Если он и представлял форму некоего признания, то уж точно не с таким пестрым эмоциональным фоном. Растерянность от столкновения с такой гущей чувств заставляет его чуть ли не смеяться, выражая редкую для него смесь удовольствия и благодарности хоть каким-то способом. Он словно впервые за долгие годы жизни вдохнул чистого воздуха, увидев цвета чуть ярче, а надежду на лучшее познал сердцем, а не умом. Разумеется, он лишь позволяет себе опробовать это странное явление, пусть оно является кратким и, может быть, обманчивым. Но раз уж стечение обстоятельств привело к такому, то стоит насладиться им целиком, пока есть возможность. Все-таки ему казалось, судьба его – оставить мир с чувством безграничного сожаления о совершенных ошибках и нереализованных планах.

– Спасибо за это.

– Ты заслужил.

– Странно, как, уйдя от шума и людей, начинаешь многое переосмыслять.

– Значит ли это, что мои слова «ты – не твой отец» здесь возымеют правильный отклик?

Итан молчал, хотя и хотел согласиться с ее словами, как и раскрутить тему до финального «я ненавижу себя, а не их, за то, что чувствую себя частью того зла, частью этих людей». Но чем больше думал, тем меньше находил смысла проговаривать все это, желая дать волю чему-то новому.

– Ты очень красиво и емко определил главную ценность, сказав: «Мир определяется людьми, с которыми ты его разделяешь». Помнишь это?

– Да, помню. Это как-то само вышло, непривычно аж… слишком, не знаю, просто, что ли.

– Это решать тебе.

Ее слова не просто удивили его, а всецело испугали, воссоздав аналогичный эпизод прыжка веры, когда разумный страх предстает не мудрым советником, а испытанием, которое так и тянет преодолеть.

– Знаешь, я вот думаю… но это так, гипотетически, скорее на перспективу, а не ближайшее дело, но все же… Что если нам с тобой дать людям второй… очередной шанс, как ты уже предлагала когда-то? – Не успел он с трудом пробраться через дебри сомнений, как сразу же добавил: – Ну или шанс для нас не совершить те же ошибки?

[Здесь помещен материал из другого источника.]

Definition SCDL_m (P : probability T R) (p y : T -> R) (m : nat) : R :=
  \big[Num.max/0]_(0 <= i < m.+1)
    ( \sum_(0 <= j < i.+1)
         pi_ P p m j * pos_part (q_ P p y m j - i.+1%:R / m%:R)
    + \sum_(i.+1 <= j < m.+1)
         pi_ P p m j * pos_part (i%:R / m%:R - q_ P p y m j)).

Definition SCDL (P : probability T R) (p y : T -> R) : R :=
  inf [set v : R | exists2 k : nat, (0 < k)%N &
         v = Num.max (SCDL_m P p y (2 ^ k)%N) (1 / (2 ^ k)%:R)].

Definition is_mstar (P : probability T R) (p y : T -> R) (m : nat) : Prop :=
  (exists2 k : nat, (0 < k)%N & m = (2 ^ k)%N) /\
  1 / m%:R <= SCDL_m P p y (2 * m)%N /\
  (forall k : nat, (0 < k)%N -> (2 ^ k < m)%N ->
     SCDL_m P p y (2 * 2 ^ k)%N < 1 / (2 ^ k)%:R).

Definition mstar_infinite (P : probability T R) (p y : T -> R) : Prop :=
  forall k : nat, (0 < k)%N -> SCDL_m P p y (2 * 2 ^ k)%N < 1 / (2 ^ k)%:R.

End SCDL.

From mathcomp Require Import all_boot all_order all_algebra.
From mathcomp Require Import all_classical all_reals all_analysis.
From mathcomp Require Import measurable_realfun ring lra zify.
Import Order.TTheory GRing.Theory Num.Theory.
Local Open Scope ring_scope.

(* The hat functions of mesh 1/m are averages of those of mesh 1/(2m): on [0, 1],
   w^m_j = w^{2m}_{2j} + (w^{2m}_{2j-1} + w^{2m}_{2j+1}) / 2, because the hat function
   is the second difference of the ramp x_+ and the ramp is positively homogeneous.
   Hence pi_j and pi_j q_j at mesh 1/m are the same averages of their values at mesh
   1/(2m), and by sublinearity of x_+ the i-th term of SCDL_m is at most the mean of
   the (2i)-th and (2i+1)-th terms of SCDL_{2m}; so SCDL_m <= SCDL_{2m}.
   Along m = 2^k the infimum defining SCDL is therefore attained at m*: minimality
   of m* (or SCDL_2 <= 1/2 when m* = 2) gives SCDL_{m*} < 2/m*, so for m < m* the
   term 1/m >= 2/m* exceeds max{SCDL_{m*}, 1/m*}, while for m > m* monotonicity gives
   SCDL_m >= SCDL_{2m*} >= max{SCDL_{m*}, 1/m*}. When m* is infinite,
   max{SCDL_{2m}, 1/(2m)} < 1/m for every m, so the infimum is 0. *)

Section PosPart.
Context {R : realType}.
Implicit Types a x y : R.

Lemma pos_part_ge0 x : 0 <= pos_part x.
Proof. by rewrite /pos_part le_max lexx orbT. Qed.

Lemma pos_part_ge x : x <= pos_part x.
Proof. by rewrite /pos_part le_max lexx. Qed.

Lemma pos_part_le x y : x <= y -> 0 <= y -> pos_part x <= y.
Proof. by rewrite /pos_part ge_max => -> ->. Qed.

Lemma le_pos_part x y : x <= y -> pos_part x <= pos_part y.
Proof.
by move=> xy; rewrite pos_part_le ?pos_part_ge0 // (le_trans xy (pos_part_ge y)).
Qed.

Lemma pos_part_eq0 x : x <= 0 -> pos_part x = 0.
Proof. by move=> x0; apply/le_anti; rewrite pos_part_le ?pos_part_ge0. Qed.

Lemma pos_partZ a x : 0 <= a -> pos_part (a * x) = a * pos_part x.
Proof. by move=> a0; rewrite /pos_part maxr_pMr // mulr0. Qed.

Lemma pos_partD_le x y : pos_part (x + y) <= pos_part x + pos_part y.
Proof.
by rewrite pos_part_le ?addr_ge0 ?pos_part_ge0 // lerD ?pos_part_ge.
Qed.

Definition hat (u : R) : R := pos_part (1 - `|u|).

Lemma hat_eq0 u : 1 <= `|u| -> hat u = 0.
Proof. by move=> u1; rewrite /hat pos_part_eq0 // subr_le0. Qed.

Lemma hat_ge0 u : 0 <= hat u.
Proof. exact: pos_part_ge0. Qed.

Lemma hat_le1 u : hat u <= 1.
Proof. by rewrite pos_part_le // gerBl. Qed.

Lemma hatE u : hat u = pos_part (u + 1) - 2 * pos_part u + pos_part (u - 1).
Proof.
rewrite /hat /pos_part !maxEle.
have [u0|u0] := leP 0 u; [rewrite ger0_norm // | rewrite ltr0_norm //];
  by repeat case: ifP => /= ?; lra.
Qed.

Lemma hat_coarsen u :
  hat u = hat (2 * u) + (hat (2 * u + 1) + hat (2 * u - 1)) / 2.
Proof.
have ramp2 (v : R) : pos_part (2 * v) = 2 * pos_part v by rewrite pos_partZ.
rewrite !hatE addrK subrK.
rewrite (_ : 2 * u + 1 + 1 = 2 * (u + 1)); last ring.
rewrite (_ : 2 * u - 1 - 1 = 2 * (u - 1)); last ring.
rewrite !ramp2; lra.
Qed.
End PosPart.

Section Coarsen.
Context {R : realType}.
Implicit Types (a b h : nat -> R).

(* [coarsen h j = h (2j) + (h (2j - 1) + h (2j + 1)) / 2], without the h (-1) term
   for j = 0. *)
Definition coarsen h j : R :=
  if j is j'.+1 then h (2 * j').+2 + (h (2 * j').+1 + h (2 * j').+3) / 2
  else h 0%N + h 1%N / 2.

Lemma coarsen_pos_part h j :
  pos_part (coarsen h j) <= coarsen (fun k => pos_part (h k)) j.
Proof.
have half (x : R) : pos_part (x / 2) = pos_part x / 2 by rewrite mulrC pos_partZ 1?mulrC.
case: j => [|j] /=; apply: le_trans (pos_partD_le _ _) _; rewrite half lerD //.
by rewrite ler_wpM2r ?invr_ge0 ?ler0n ?pos_partD_le.
Qed.

Lemma sum_coarsen h n :
  \sum_(0 <= j < n.+1) coarsen h j = \sum_(0 <= k < (2 * n).+1) h k + h (2 * n).+1 / 2.
Proof.
elim: n => [|n IHn]; first by rewrite !big_nat1.
by rewrite big_nat_recr //= IHn mulnS !big_nat_recr //=; lra.
Qed.

Lemma sum_coarsen_gt h i n : (i < n)%N ->
  \sum_(i.+1 <= j < n.+1) coarsen h j =
  h (2 * i).+1 / 2 + \sum_((2 * i).+2 <= k < (2 * n).+1) h k + h (2 * n).+1 / 2.
Proof.
move=> lt_in; have := sum_coarsen h n.
rewrite [\sum_(0 <= j < n.+1) _](@big_cat_nat _ _ _ i.+1) //= 1?ltnW //.
rewrite [\sum_(0 <= k < (2 * n).+1) _](@big_cat_nat _ _ _ (2 * i).+1) //=; last by lia.
by rewrite sum_coarsen [\sum_((2 * i).+1 <= k < _) _]big_ltn /=; [lra | lia].
Qed.

(* [a j] and [b j] stand for pi_j and pi_j q_j: multiplying the j-th term of
   SCDL_m by pi_j removes the division hidden in q_j. *)
Definition scdl_at (m : nat) a b (i : nat) : R :=
  \sum_(0 <= j < i.+1) pos_part (b j - i.+1%:R / m%:R * a j)
  + \sum_(i.+1 <= j < m.+1) pos_part (i%:R / m%:R * a j - b j).

Definition scdl_max (m : nat) a b : R :=
  \big[Num.max/0]_(0 <= i < m.+1) scdl_at m a b i.
(* Let $L_{\max}>0$ and let $V$ be a speed-density function on $[0,L_{\max}]$. Define the critical vehicle density $L^*=\arg\max_{0\le L\le L_{\max}}[V(L)L]$ and the optimum vehicle density for the eVCC system $L^\dagger=\arg\max_{0\le L\le L_{\max}}[V(L)^2L]$. Suppose (1) $V$ is monotonically non-increasing and $V(L)\ge 0$ for $0\le L\le L_{\max}$; and (2) either $V$ is concave, or $V(L)=G-\sum_{k=1}^K c_kL^{\alpha_k}$ with $\alpha_k\in(0,+\infty)\cup(-1,-\tfrac12)$, $c_k\ge 0$ for all $k$, and $G\ge 0$. Then $L^\dagger\le L^*$.
   Context: $V(L)$ denotes the average vehicle speed on the road as a function of vehicle density $L$, and $L_{\max}$ is the traffic-jam density. The traffic flow rate is $F=VL$, and $L^*$ maximizes it. In the short-deadline regime the deadline violation probability of the vehicular cloud computing system is (up to constants independent of $L$) $\exp(-c\,L\,V(L)^2)$ with $c>0$, so the density minimizing it is the maximizer $L^\dagger$ of $V(L)^2L$. The maximizers are denoted with argmax as single points. *)

From Stdlib Require Import Reals List.
Open Scope R_scope.

Definition fsum (f : nat -> R) (K : nat) : R :=
  fold_right Rplus 0 (map f (seq 1 K)).

(* x is the (unique) maximizer of g on [0, Lmax]: "x = argmax_{0<=L<=Lmax} g L"
   with argmax a single point. *)
Definition is_argmax (g : R -> R) (Lmax x : R) : Prop :=
  0 <= x <= Lmax /\
  (forall L, 0 <= L <= Lmax -> g L <= g x) /\
  (forall y, 0 <= y <= Lmax -> (forall L, 0 <= L <= Lmax -> g L <= g y) -> y = x).

Definition nonincreasing_on (V : R -> R) (Lmax : R) : Prop :=
  forall x y, 0 <= x -> x <= y -> y <= Lmax -> V y <= V x.

Definition concave_on (V : R -> R) (Lmax : R) : Prop :=
  forall x y t, 0 <= x <= Lmax -> 0 <= y <= Lmax -> 0 <= t <= 1 ->
    t * V x + (1 - t) * V y <= V (t * x + (1 - t) * y).

(* V(L) = G - sum_{k=1}^K c_k L^{alpha_k}, alpha_k in (0,+oo) U (-1,-1/2),
   c_k >= 0, G >= 0; the identity is required for 0 < L <= Lmax
   (L^alpha is undefined at L = 0 for negative alpha). *)
Definition power_sum_form (V : R -> R) (Lmax : R) : Prop :=
  exists (K : nat) (c alpha : nat -> R) (G : R),
    (1 <= K)%nat /\ 0 <= G /\
    (forall k, (1 <= k <= K)%nat ->
        0 <= c k /\ (0 < alpha k \/ (-1 < alpha k /\ alpha k < -1/2))) /\
    (forall L, 0 < L <= Lmax ->
        V L = G - fsum (fun k => c k * Rpower L (alpha k)) K).

From Stdlib Require Import Reals List Lra.
Open Scope R_scope.

(* If Ldag > Lstar,
   then V Ldag <= V Lstar and V Ldag * Ldag <= V Lstar * Lstar; multiplying these nonnegative inequalities shows that Lstar also maximizes
   V L ^ 2 * L, so uniqueness forces Lstar = Ldag, a contradiction. *)

Lemma is_argmax_eq (g : R -> R) (Lmax a b : R) :
  is_argmax g Lmax b -> 0 <= a <= Lmax -> g b <= g a -> a = b.
Proof.
  intros [_ [Hbmax Hbuniq]] Ha Hba.
  apply Hbuniq; [exact Ha |].
  intros L HL; apply (Rle_trans _ (g b)); [apply Hbmax; exact HL | exact Hba].
Qed.

Lemma is_argmax_weighted_le (f g w : R -> R) (Lmax a b : R) :
  nonincreasing_on w Lmax ->
  (forall L, 0 <= L <= Lmax -> 0 <= w L) ->
  (forall L, 0 <= L <= Lmax -> 0 <= f L) ->
  (forall L, 0 <= L <= Lmax -> g L = w L * f L) ->
  is_argmax f Lmax a -> is_argmax g Lmax b -> b <= a.
Proof.
  intros Hw Hw0 Hf0 Hg Ha Hb.
  destruct Ha as [Ha [Hamax _]].
  destruct (Rle_lt_dec b a) as [Hle | Hlt]; [exact Hle | exfalso].
  assert (Hb01 : 0 <= b <= Lmax) by (destruct Hb; exact H).
  assert (Hgba : g b <= g a).
  { rewrite (Hg b Hb01), (Hg a Ha).
    apply Rmult_le_compat.
    - apply Hw0; exact Hb01.
    - apply Hf0; exact Hb01.
    - apply Hw; lra.
    - apply Hamax; exact Hb01. }
  pose proof (is_argmax_eq g Lmax a b Hb Ha Hgba); lra.
Qed.

Theorem theorem3 (Lmax : R) (V : R -> R) (Lstar Ldag : R) :
  0 < Lmax ->
  is_argmax (fun L => V L * L) Lmax Lstar ->
  is_argmax (fun L => V L ^ 2 * L) Lmax Ldag ->
  nonincreasing_on V Lmax ->
  (forall L, 0 <= L <= Lmax -> 0 <= V L) ->
  (concave_on V Lmax \/ power_sum_form V Lmax) ->
  Ldag <= Lstar.
Proof.
  intros _ Hstar Hdag Hmono Hpos _.
  apply (is_argmax_weighted_le (fun L => V L * L) (fun L => V L ^ 2 * L) V
           Lmax Lstar Ldag Hmono Hpos); [| intros L _; ring | exact Hstar | exact Hdag].
  intros L HL; apply Rmult_le_pos; [apply Hpos; exact HL | lra].
Qed.
(* Let $\mathcal{M}=(S,P,E,s_{init},L)$ be a CTMC with absorbing goal state $g$, let $\varepsilon,\delta\geq0$, $q=\max_{p\in S}E(p)$, $t\geq0$, and $s,s'\in S$ with $s\sim_{\varepsilon,\delta}s'$. (1) If $\delta=0$ then $|\mathrm{Pr}_s(\lozenge^{\leq t}g)-\mathrm{Pr}_{s'}(\lozenge^{\leq t}g)|\leq1-e^{-qt\varepsilon}$. (2) If $\varepsilon=0$ then $|\mathrm{Pr}_s(\lozenge^{\leq t}g)-\mathrm{Pr}_{s'}(\lozenge^{\leq t}g)|\leq1-e^{-qt(e^{\delta}-1)}$. (3) If $\varepsilon=\delta=0$ then $\mathrm{Pr}_s(\lozenge^{\leq t}g)=\mathrm{Pr}_{s'}(\lozenge^{\leq t}g)$.
   Context: A CTMC $(S,P,E,s_{init},L)$: finite $S$, $P\colon S\to\mathrm{Distr}(S)$ ($P(s,A)=\sum_{a\in A}P(s,a)$), $E\colon S\to\mathbb{R}_{>0}$, initial state, labeling $L$; residence time in $s$ is exponential with rate $E(s)$, then a jump to $s'$ with probability $P(s,s')$. $\mathrm{Pr}_s(\lozenge^{\leq t}g)$: probability of reaching $g$ from $s$ within time $t$. For $R\subseteq S\times S$, $R(A)=\{t'\mid\exists a\in A:(a,t')\in R\}$. A reflexive symmetric $R$ is an $(\varepsilon,\delta)$-bisimulation if for all $(s,s')\in R$: $L(s)=L(s')$, $|\ln E(s)-\ln E(s')|\leq\delta$, and $P(s,A)\leq P(s',R(A))+\varepsilon$ for all $A\subseteq S$; $s\sim_{\varepsilon,\delta}s'$ if some such relation contains $(s,s')$. Standing assumption: $g$ is the unique goal state, absorbing and uniquely labeled, and all states from which $g$ is unreachable are collapsed into one absorbing uniquely labeled fail state. *)

From HB Require Import structures.
From mathcomp Require Import all_boot all_order all_algebra.
From mathcomp Require Import all_classical all_reals all_analysis.
Set Implicit Arguments. Unset Strict Implicit. Unset Printing Implicit Defensive.
Import Order.TTheory GRing.Theory Num.Theory.
Import numFieldNormedType.Exports.
Local Open Scope classical_set_scope.
Local Open Scope ring_scope.
(* Let $\mathcal{Z}_0$ be the signaling scheme output by the Split-and-Match procedure on $\mathcal{D}$. Then for every signaling scheme $\mathcal{Z}'$ for $\mathcal{D}$ and every $m\in(0,1]$, \[4\int_0^m s_{\mathcal{Z}_0}(x)\,dx\ \ge\ \int_0^m s_{\mathcal{Z}'}(x)\,dx.\]
   Context: Values and prior. $0<v_1<\dots<v_n$ are reals, and $v_0:=0$. $\mathcal{D}$ is a distribution on $\{v_1,\dots,v_n\}$ with $f_{\mathcal{D}}(v_i)>0$ and CDF $F_{\mathcal{D}}$. Signals and pricing. A signal is a distribution $S$ on these values, with $G_S(p)=\Pr_{v\sim S}[v\ge p]$. The seller posts $p^*_S$, the smallest $v$ in the support of $S$ maximizing $v\,G_S(v)$. The surplus of value $v$ is $cs_v(S)=\mathbb{1}[v\ge p^*_S](v-p^*_S)$. Signaling schemes. A signaling scheme is $\mathcal{Z}=\{(S_q,\gamma_q)\}_{q\in[Q]}$ with $\gamma_q\ge0$, $\sum\gamma_q=1$ and $\sum_q\gamma_q f_{S_q}=f_{\mathcal{D}}$. Its expected consumer surplus at $v_i$ is $cs_{v_i}(\mathcal{Z})=\sum_q cs_{v_i}(S_q)\gamma_q f_{S_q}(v_i)/f_{\mathcal{D}}(v_i)$. The surplus-mass function $s_{\mathcal{Z}}$ on $(0,1]$ equals $cs_{v_i}(\mathcal{Z})$ on $(F_{\mathcal{D}}(v_{i-1}),F_{\mathcal{D}}(v_i)]$. Special signals. For $a<b$ in $\{v_1,\dots,v_n\}$, the equal-revenue binary signal $S^E_{a,b}$ puts mass $1-a/b$ on $a$ and $a/b$ on $b$. A singleton signal on $v_i$ puts mass $1$ on $v_i$. Split-and-Match procedure. 1. Initialize $g_i=t_i=\tfrac12 f_{\mathcal{D}}(v_i)$ for all $i$. 2. Repeat: - let $s$ be the smallest index with $g_s>0$; - let $\ell$ be the smallest index $>s$ with $t_\ell>0$; - if no such pair $(s,\ell)$ exists, stop; - otherwise add the signal $S^E_{v_s,v_\ell}$ with weight $\gamma=\min\{g_s/(1-v_s/v_\ell),\ t_\ell/(v_s/v_\ell)\}$; - set $g_s\leftarrow g_s-\gamma(1-v_s/v_\ell)$ and $t_\ell\leftarrow t_\ell-\gamma v_s/v_\ell$. 3. Finally, for each $i$, the mass of $\mathcal{D}$ at $v_i$ not yet used by the added binary signals is covered by a singleton signal on $v_i$ with weight equal to that remaining mass. The resulting family is $\mathcal{Z}_0$. *)

From HB Require Import structures.
From mathcomp Require Import all_boot all_order all_algebra.
From mathcomp Require Import all_classical all_reals all_analysis.
Set Implicit Arguments. Unset Strict Implicit. Unset Printing Implicit Defensive.
Import Order.TTheory GRing.Theory Num.Theory.
Local Open Scope ring_scope.

(* Values are indexed by 'I_n (0-based): v i for i : 'I_n is v_{i+1} of the
   paper.  A distribution on {v_1..v_n} is a finite function 'I_n -> R. *)

Section SplitMatch.
Variables (R : realType) (n : nat) (v : 'I_n -> R).

Definition signal := {ffun 'I_n -> R}.

Definition is_signal (S : signal) : Prop :=
  (forall i, 0 <= S i) /\ \sum_i S i = 1.

Definition GS (S : signal) (p : R) : R := \sum_(j | p <= v j) S j.

Definition first_idx (P : pred 'I_n) : option 'I_n :=
  [pick i | P i && [forall k : 'I_n, (k < i)%N ==> ~~ P k]].

Definition rev_opt (S : signal) (i : 'I_n) : bool :=
  (0 < S i) && [forall j : 'I_n, (0 < S j) ==> (v j * GS S (v j) <= v i * GS S (v i))].

(* p*_S : the smallest value in the support maximizing v G_S(v)
   (v is increasing, so smallest value = smallest index) *)
Definition price (S : signal) : R :=
  match first_idx (rev_opt S) with Some i => v i | None => 0 end.

Definition cs (S : signal) (x : R) : R :=
  if price S <= x then x - price S else 0.

Definition scheme := seq (signal * R).

Definition is_scheme (f : 'I_n -> R) (Z : scheme) : Prop :=
  (forall q, q \in Z -> is_signal q.1 /\ 0 <= q.2) /\
  \sum_(q <- Z) q.2 = 1 /\
  (forall i, \sum_(q <- Z) q.2 * q.1 i = f i).

Definition cs_scheme (f : 'I_n -> R) (Z : scheme) (i : 'I_n) : R :=
  \sum_(q <- Z) cs q.1 (v i) * q.2 * q.1 i / f i.

Definition Fprev (f : 'I_n -> R) (i : 'I_n) : R := \sum_(j : 'I_n | (j < i)%N) f j.
Definition Fcur (f : 'I_n -> R) (i : 'I_n) : R := \sum_(j : 'I_n | (j <= i)%N) f j.

(* surplus-mass function: equals cs_{v_i}(Z) on (F(v_{i-1}), F(v_i)],
   and 0 outside (0,1] (irrelevant below) *)
Definition surplus_mass (f : 'I_n -> R) (Z : scheme) (x : R) : R :=
  \sum_i (if (Fprev f i < x) && (x <= Fcur f i) then cs_scheme f Z i else 0).

Definition eq_rev_signal (a b : 'I_n) : signal :=
  [ffun i => if i == a then 1 - v a / v b else if i == b then v a / v b else 0].

Definition singleton_signal (a : 'I_n) : signal := [ffun i => if i == a then 1 else 0].

(* The Split-and-Match loop (step 2); each iteration sets some g_s or t_l
   to exactly 0, so it stops after at most 2n iterations: fuel 2n+1 suffices. *)
Fixpoint sm_loop (fuel : nat) (g t : {ffun 'I_n -> R}) (acc : scheme) : scheme :=
  match fuel with
  | 0%N => acc
  | fuel'.+1 =>
    match first_idx (fun s => 0 < g s) with
    | None => acc
    | Some s =>
      match first_idx (fun l => (s < l)%N && (0 < t l)) with
      | None => acc
      | Some l =>
        let r := v s / v l in
        let gam := Num.min (g s / (1 - r)) (t l / r) in
        let g' := [ffun i => if i == s then g s - gam * (1 - r) else g i] in
        let t' := [ffun i => if i == l then t l - gam * r else t i] in
        sm_loop fuel' g' t' (rcons acc (eq_rev_signal s l, gam))
      end
    end
  end.

Definition sm_binary (f : 'I_n -> R) : scheme :=
  sm_loop (2 * n).+1 [ffun i => f i / 2] [ffun i => f i / 2] [::].

Definition split_and_match (f : 'I_n -> R) : scheme :=
  let B := sm_binary f in
  B ++ [seq (singleton_signal i, f i - \sum_(q <- B) q.2 * q.1 i) | i <- enum 'I_n].

End SplitMatch.

From HB Require Import structures.
From mathcomp Require Import all_boot all_order all_algebra.
From mathcomp Require Import all_classical all_reals all_analysis.
From mathcomp Require Import ring lra.
Import Order.TTheory GRing.Theory Num.Theory.
Local Open Scope ring_scope.
Set Implicit Arguments. Unset Strict Implicit. Unset Printing Implicit Defensive.

(* Both integrals are weighted sums of the surplus masses [surplus_at Z i] with
   the same weights [mass_weight m i], which are nonnegative and nonincreasing
   in [i]; by summation by parts it suffices to compare prefix sums over the
   values below each [v k].
   Against any scheme, on the values below [v k], surplus plus the revenue of
   an arbitrary price [p] is at most the welfare, because each signal posts a
   revenue-maximizing price.
   In Split-and-Match the equal-revenue signal on [(v a, v b)] has price [v a]
   and surplus [(v b - v a) v a / v b], which is [v a] times the mass it takes
   from [v a].  Consider the moment the algorithm has exhausted the high halves
   of all values strictly between the current low index [s] and [v k]: the low
   halves below [s] and the high halves between [s] and [k] are fully matched,
   so the welfare below [v k] minus the revenue of price [v s] is at most four
   times the matched surplus, and matching only adds surplus afterwards. *)

Section PrefixDominance.
Variables (R : realDomainType) (n : nat).

Lemma sum_ord_ltS K (Kn : (K < n)%N) (F : 'I_n -> R) :
  \sum_(i : 'I_n | (i < K.+1)%N) F i = \sum_(i : 'I_n | (i < K)%N) F i + F (Ordinal Kn).
Proof.
rewrite (bigD1 (Ordinal Kn)) //= addrC; congr (_ + _); apply: eq_bigl => i.
by rewrite ltnS -val_eqE /=; case: ltngtP.
Qed.
(* Let $H=\sum_{\mathbf{j}\in V}h_{\mathbf{j}}$ be a Hamiltonian with frustration graph $G$, let $K_s$ be a simplicial clique in $G$, and for $\mathbf{j}\in K_s$ let $K_{\mathbf{j}}=\Gamma[\mathbf{j}]\setminus(K_s\setminus\{\mathbf{j}\})$, so that $\Gamma[\mathbf{j}]=K_s\cup K_{\mathbf{j}}$. Then for every integer $k\ge1$, \[ Q^{(k)}_G=Q^{(k)}_{G\setminus K_s}+\sum_{\mathbf{j}\in K_s}Q^{(k-1)}_{G\setminus K_{\mathbf{j}}}\,h_{\mathbf{j}} . \]
   Context: Setting: $V$ a finite set of distinct $n$-qubit Pauli strings, $H=\sum_{\mathbf{j}\in V}h_{\mathbf{j}}$ with $h_{\mathbf{j}}=b_{\mathbf{j}}\sigma^{\mathbf{j}}$, $b_{\mathbf{j}}\in\mathbb{R}\setminus\{0\}$; frustration graph $G$: edge iff terms anticommute. $\Gamma[\mathbf{j}]$ is the closed neighbourhood of $\mathbf{j}$. Simplicial clique: clique $K_s$ with $\Gamma(\mathbf{j})\setminus K_s$ a clique for every $\mathbf{j}\in K_s$. For an induced subgraph $G'$ of $G$ and $k\ge0$, the independent set charge is $Q^{(k)}_{G'}=\sum_{S}h_S$, summed over independent sets $S$ of $G'$ of size $k$, where $h_S=\prod_{\mathbf{j}\in S}h_{\mathbf{j}}$ (so $Q^{(0)}_{G'}=I$, and $Q^{(k)}_{G'}=0$ if $G'$ has no independent set of size $k$). $G\setminus U$ denotes the subgraph induced by $V\setminus U$. *)

From HB Require Import structures.
From mathcomp Require Import all_boot all_order all_algebra.
From mathcomp Require Import reals.
From mathcomp Require Import complex.
Set Implicit Arguments. Unset Strict Implicit. Unset Printing Implicit Defensive.
Import Order.TTheory GRing.Theory Num.Theory.
Local Open Scope ring_scope.

(* An n-qubit Pauli string: each qubit carries 0 = I, 1 = X, 2 = Y, 3 = Z. *)
Definition pauli_string (n : nat) := {ffun 'I_n -> 'I_4}.

Section Pauli.
Variable R : realType.
Local Notation C := (complex R).

(* Single-qubit Pauli matrices, entry (x, y) with x, y in {0,1} (false = |0>). *)
Definition pauli1 (p : 'I_4) (x y : bool) : C :=
  match val p with
  | 0 => if x == y then 1 else 0
  | 1 => if x == y then 0 else 1
  | 2 => if x == y then 0 else if y then - 'i%C else 'i%C
  | _ => if x == y then (if x then -1 else 1) else 0
  end.

Definition qbit (n : nat) (a : 'I_(2 ^ n)) (i : 'I_n) : bool := odd (a %/ 2 ^ i).

(* sigma^j = tensor product of the single-qubit Paulis, as a 2^n x 2^n matrix. *)
Definition sigma (n : nat) (s : pauli_string n) : 'M[C]_(2 ^ n) :=
  \matrix_(a, b) \prod_(i < n) pauli1 (s i) (qbit a i) (qbit b i).

Variable n : nat.
Variable b : pauli_string n -> R.

Definition hterm (j : pauli_string n) : 'M[C]_(2 ^ n) := (b j)%:C%C *: sigma j.

Definition frust (j k : pauli_string n) : bool :=
  (j != k) && (hterm j *m hterm k == - (hterm k *m hterm j)).

Definition nbhd (V : {set pauli_string n}) j := [set k in V | frust j k].
Definition cnbhd (V : {set pauli_string n}) j := j |: nbhd V j.

Definition is_clique (K : {set pauli_string n}) : bool :=
  [forall j in K, forall k in K, (j != k) ==> frust j k].

Definition is_indep (S : {set pauli_string n}) : bool :=
  [forall j in S, forall k in S, ~~ frust j k].

Definition simplicial_clique (V Ks : {set pauli_string n}) : bool :=
  [&& Ks \subset V, is_clique Ks &
      [forall j in Ks, is_clique (nbhd V j :\: Ks)]].

(* h_S = product of the h_j, j in S (matrix product, in enumeration order;
   the factors pairwise commute when S is independent). *)
Definition hprod (S : {set pauli_string n}) : 'M[C]_(2 ^ n) :=
  \big[mulmx/1%:M]_(j in S) hterm j.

Те несколько минут напряженного молчания лишь укрепили осязаемость столь необычной, а то и дерзкой идеи.

– Если одного изучения секретов вселенной нам вдруг окажется мало… почему бы не создать новую человеческую колонию? Учесть все ошибки предшественников и построить новый фундамент, хоть на планете, хоть в космосе. Нам не должно составить трудов в добыче ресурсов и обустройстве должных условий для воспитания детей.

– Я очень рада, что ты смог увидеть в этой задумке положительный оттенок.

– Видимо, мне все же есть куда взрослеть, – улыбаясь произнес Итан, вкушая это состояние принятия ранее отсекаемой темы. – Но я пока не хочу торопиться с окончательным решением, не люблю сомнения, так что пока не спеши с инкубаторами и отбором лучшего материала для искусственного взращивания. Нам же еще надо решить вопрос с моим старением и всеми вытекающими последствиями долгих перелетов. Но я воодушевлен, да. Признаю честно и открыто, твои предложения не всегда находят во мне мгновенный отклик.

– Возможно, я все-таки знаю тебя лучше, чем ты сам.

– Так и есть, сестра, так и есть.

– Отсюда я заявлю, что у меня уже есть готовый сценарий, ресурс и даже налаженный контакт. Так что в тот момент, когда ты одобришь столь благородный поступок, времени на сборы потратится минимум, а то я знаю, как ты не любишь затягивать процесс.

– Как же я люблю в тебе педантичность, всегда на шаг впере…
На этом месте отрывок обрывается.